§ **WHAT IS EXPECTED**: From the listing below, retype exactly the line holding "Proof. induction t as", the line holding "Proof. intros Hx0", and the lines between them; skip everything else.

# # # # # # #

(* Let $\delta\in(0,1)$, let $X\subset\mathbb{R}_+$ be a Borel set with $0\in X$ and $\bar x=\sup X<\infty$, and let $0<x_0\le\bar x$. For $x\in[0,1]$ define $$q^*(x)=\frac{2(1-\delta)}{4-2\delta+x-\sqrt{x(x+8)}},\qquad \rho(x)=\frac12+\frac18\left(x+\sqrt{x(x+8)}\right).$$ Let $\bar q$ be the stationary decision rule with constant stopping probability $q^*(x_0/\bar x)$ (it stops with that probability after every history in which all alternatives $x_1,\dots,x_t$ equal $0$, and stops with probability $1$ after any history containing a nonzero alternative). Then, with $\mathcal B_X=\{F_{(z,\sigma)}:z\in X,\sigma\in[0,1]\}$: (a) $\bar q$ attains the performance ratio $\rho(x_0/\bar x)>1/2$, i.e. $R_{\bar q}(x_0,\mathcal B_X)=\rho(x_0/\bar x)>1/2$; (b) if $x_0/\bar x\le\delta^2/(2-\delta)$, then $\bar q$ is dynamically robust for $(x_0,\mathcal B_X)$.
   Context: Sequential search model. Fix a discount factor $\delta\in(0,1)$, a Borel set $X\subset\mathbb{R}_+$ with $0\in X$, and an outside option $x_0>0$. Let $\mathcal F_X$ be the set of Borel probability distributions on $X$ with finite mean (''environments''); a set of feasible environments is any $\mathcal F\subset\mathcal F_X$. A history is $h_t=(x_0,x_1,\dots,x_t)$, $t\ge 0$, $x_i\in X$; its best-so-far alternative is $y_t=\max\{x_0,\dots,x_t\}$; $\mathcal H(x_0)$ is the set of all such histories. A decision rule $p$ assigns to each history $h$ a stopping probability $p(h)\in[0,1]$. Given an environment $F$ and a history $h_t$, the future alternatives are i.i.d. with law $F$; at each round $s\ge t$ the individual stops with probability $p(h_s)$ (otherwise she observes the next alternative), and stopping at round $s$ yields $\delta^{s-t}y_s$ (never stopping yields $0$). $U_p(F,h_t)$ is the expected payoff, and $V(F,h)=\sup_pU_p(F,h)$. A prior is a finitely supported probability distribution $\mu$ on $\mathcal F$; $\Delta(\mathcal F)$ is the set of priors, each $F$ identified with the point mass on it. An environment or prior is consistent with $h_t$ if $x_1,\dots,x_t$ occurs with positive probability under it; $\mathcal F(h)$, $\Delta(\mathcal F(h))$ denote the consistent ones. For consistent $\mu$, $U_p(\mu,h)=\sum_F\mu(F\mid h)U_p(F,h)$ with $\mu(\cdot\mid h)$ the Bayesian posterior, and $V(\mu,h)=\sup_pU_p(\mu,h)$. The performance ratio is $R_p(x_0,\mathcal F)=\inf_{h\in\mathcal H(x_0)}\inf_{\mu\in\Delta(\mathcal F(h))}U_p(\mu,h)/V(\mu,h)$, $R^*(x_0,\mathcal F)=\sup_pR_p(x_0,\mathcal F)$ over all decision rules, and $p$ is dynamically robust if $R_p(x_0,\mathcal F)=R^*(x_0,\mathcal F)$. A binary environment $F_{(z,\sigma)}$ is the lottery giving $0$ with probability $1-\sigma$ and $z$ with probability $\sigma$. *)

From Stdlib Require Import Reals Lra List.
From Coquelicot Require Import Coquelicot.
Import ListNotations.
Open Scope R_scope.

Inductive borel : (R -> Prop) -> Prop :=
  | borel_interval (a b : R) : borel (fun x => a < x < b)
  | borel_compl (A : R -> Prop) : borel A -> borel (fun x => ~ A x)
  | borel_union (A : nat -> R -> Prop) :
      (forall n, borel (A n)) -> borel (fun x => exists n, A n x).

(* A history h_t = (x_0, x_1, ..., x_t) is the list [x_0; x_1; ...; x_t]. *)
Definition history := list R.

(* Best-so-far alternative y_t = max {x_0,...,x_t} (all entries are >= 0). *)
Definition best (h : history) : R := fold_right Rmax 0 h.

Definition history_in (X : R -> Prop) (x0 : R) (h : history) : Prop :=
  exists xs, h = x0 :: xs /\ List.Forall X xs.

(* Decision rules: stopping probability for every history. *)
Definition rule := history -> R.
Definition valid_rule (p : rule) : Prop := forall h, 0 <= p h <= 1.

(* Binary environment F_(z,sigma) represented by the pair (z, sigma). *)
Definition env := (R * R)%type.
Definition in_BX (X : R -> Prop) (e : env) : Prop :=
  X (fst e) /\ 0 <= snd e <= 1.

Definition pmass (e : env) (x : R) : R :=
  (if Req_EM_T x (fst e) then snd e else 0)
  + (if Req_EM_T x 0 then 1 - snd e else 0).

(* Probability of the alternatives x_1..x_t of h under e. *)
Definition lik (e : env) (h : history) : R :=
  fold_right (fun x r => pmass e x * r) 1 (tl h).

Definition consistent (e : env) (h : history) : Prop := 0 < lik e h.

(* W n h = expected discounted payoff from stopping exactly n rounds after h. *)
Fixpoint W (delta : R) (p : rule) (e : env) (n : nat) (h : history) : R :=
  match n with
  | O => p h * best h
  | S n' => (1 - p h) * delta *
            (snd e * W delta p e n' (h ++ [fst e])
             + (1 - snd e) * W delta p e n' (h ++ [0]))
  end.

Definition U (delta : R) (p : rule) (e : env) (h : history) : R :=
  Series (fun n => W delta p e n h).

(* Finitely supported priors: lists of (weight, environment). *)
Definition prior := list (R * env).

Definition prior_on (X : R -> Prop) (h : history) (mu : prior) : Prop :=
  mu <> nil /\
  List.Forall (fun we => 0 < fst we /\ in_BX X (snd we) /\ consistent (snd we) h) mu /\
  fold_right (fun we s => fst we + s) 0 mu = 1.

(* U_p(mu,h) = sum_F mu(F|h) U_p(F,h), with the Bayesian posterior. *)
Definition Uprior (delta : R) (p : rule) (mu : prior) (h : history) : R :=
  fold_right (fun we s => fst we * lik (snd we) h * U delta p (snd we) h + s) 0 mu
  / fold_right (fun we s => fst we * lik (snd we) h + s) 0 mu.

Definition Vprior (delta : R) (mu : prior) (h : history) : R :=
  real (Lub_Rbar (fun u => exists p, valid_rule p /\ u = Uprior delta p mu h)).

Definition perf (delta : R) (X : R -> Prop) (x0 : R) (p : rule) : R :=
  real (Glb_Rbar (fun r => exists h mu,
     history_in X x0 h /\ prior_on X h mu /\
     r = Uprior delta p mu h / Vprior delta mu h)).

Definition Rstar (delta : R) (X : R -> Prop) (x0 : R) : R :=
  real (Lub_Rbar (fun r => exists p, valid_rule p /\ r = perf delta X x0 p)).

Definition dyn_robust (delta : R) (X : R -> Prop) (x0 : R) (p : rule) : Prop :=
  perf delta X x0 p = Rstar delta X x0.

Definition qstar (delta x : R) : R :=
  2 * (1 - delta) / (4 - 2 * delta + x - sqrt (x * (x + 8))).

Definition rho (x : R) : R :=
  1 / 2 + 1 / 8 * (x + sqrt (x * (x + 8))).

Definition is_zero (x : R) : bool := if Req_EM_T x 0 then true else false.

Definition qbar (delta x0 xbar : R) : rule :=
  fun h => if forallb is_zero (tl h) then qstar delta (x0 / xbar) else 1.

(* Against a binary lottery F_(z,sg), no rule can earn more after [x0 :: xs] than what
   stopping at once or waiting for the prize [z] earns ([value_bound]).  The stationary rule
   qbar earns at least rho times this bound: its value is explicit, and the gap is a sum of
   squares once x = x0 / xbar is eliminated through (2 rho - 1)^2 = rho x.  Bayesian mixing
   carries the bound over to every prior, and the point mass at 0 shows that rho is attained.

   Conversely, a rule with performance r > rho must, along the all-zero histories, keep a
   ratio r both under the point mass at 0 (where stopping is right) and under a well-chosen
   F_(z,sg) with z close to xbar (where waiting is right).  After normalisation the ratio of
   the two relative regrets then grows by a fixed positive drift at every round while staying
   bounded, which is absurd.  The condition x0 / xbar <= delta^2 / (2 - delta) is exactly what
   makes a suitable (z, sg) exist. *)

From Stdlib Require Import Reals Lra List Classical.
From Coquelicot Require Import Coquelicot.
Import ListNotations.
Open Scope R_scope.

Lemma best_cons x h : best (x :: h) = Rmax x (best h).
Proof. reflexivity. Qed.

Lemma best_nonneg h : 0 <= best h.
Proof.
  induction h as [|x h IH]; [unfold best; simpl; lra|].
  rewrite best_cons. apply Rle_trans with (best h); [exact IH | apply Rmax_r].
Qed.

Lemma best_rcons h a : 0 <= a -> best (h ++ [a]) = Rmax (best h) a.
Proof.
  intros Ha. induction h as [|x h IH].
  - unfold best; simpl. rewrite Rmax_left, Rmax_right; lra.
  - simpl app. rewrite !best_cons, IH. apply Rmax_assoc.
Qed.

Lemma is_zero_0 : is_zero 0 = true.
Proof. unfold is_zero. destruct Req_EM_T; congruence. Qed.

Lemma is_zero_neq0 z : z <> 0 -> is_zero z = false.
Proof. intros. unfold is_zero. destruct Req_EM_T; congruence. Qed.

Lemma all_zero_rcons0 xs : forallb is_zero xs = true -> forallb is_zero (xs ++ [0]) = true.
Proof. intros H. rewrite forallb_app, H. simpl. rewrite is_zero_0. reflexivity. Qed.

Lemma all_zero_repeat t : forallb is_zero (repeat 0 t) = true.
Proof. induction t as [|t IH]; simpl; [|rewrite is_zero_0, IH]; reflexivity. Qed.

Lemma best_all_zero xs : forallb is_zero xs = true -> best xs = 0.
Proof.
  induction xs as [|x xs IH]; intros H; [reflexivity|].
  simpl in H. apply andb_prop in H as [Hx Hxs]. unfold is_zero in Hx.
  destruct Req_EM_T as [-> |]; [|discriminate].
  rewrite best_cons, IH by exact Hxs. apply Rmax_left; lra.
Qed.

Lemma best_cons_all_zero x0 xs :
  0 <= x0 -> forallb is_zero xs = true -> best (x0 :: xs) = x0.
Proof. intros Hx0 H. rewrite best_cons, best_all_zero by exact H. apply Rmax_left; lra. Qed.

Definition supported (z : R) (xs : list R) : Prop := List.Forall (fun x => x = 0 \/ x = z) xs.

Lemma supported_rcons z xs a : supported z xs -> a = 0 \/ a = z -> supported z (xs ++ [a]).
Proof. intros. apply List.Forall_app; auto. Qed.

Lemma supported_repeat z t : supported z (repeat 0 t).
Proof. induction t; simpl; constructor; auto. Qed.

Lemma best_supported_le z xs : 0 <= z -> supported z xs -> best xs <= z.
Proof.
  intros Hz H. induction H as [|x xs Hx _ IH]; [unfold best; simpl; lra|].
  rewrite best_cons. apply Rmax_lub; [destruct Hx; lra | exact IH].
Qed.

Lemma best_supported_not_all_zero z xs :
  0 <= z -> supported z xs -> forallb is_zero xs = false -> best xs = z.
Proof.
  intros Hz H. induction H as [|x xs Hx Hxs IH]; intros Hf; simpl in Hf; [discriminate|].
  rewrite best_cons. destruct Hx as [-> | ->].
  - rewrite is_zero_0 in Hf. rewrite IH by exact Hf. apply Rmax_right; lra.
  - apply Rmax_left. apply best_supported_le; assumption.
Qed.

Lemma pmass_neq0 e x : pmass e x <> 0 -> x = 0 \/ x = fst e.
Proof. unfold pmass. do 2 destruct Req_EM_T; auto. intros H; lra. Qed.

# # # # # # #

§ **REPLY**:
Proof. induction t as [|t IH]; simpl; [|rewrite is_zero_0, IH]; reflexivity. Qed.

Lemma best_all_zero xs : forallb is_zero xs = true -> best xs = 0.
Proof.
  induction xs as [|x xs IH]; intros H; [reflexivity|].
  simpl in H. apply andb_prop in H as [Hx Hxs]. unfold is_zero in Hx.
  destruct Req_EM_T as [-> |]; [|discriminate].
  rewrite best_cons, IH by exact Hxs. apply Rmax_left; lra.
Qed.

Lemma best_cons_all_zero x0 xs :
  0 <= x0 -> forallb is_zero xs = true -> best (x0 :: xs) = x0.
Proof. intros Hx0 H. rewrite best_cons, best_all_zero by exact H. apply Rmax_left; lra. Qed.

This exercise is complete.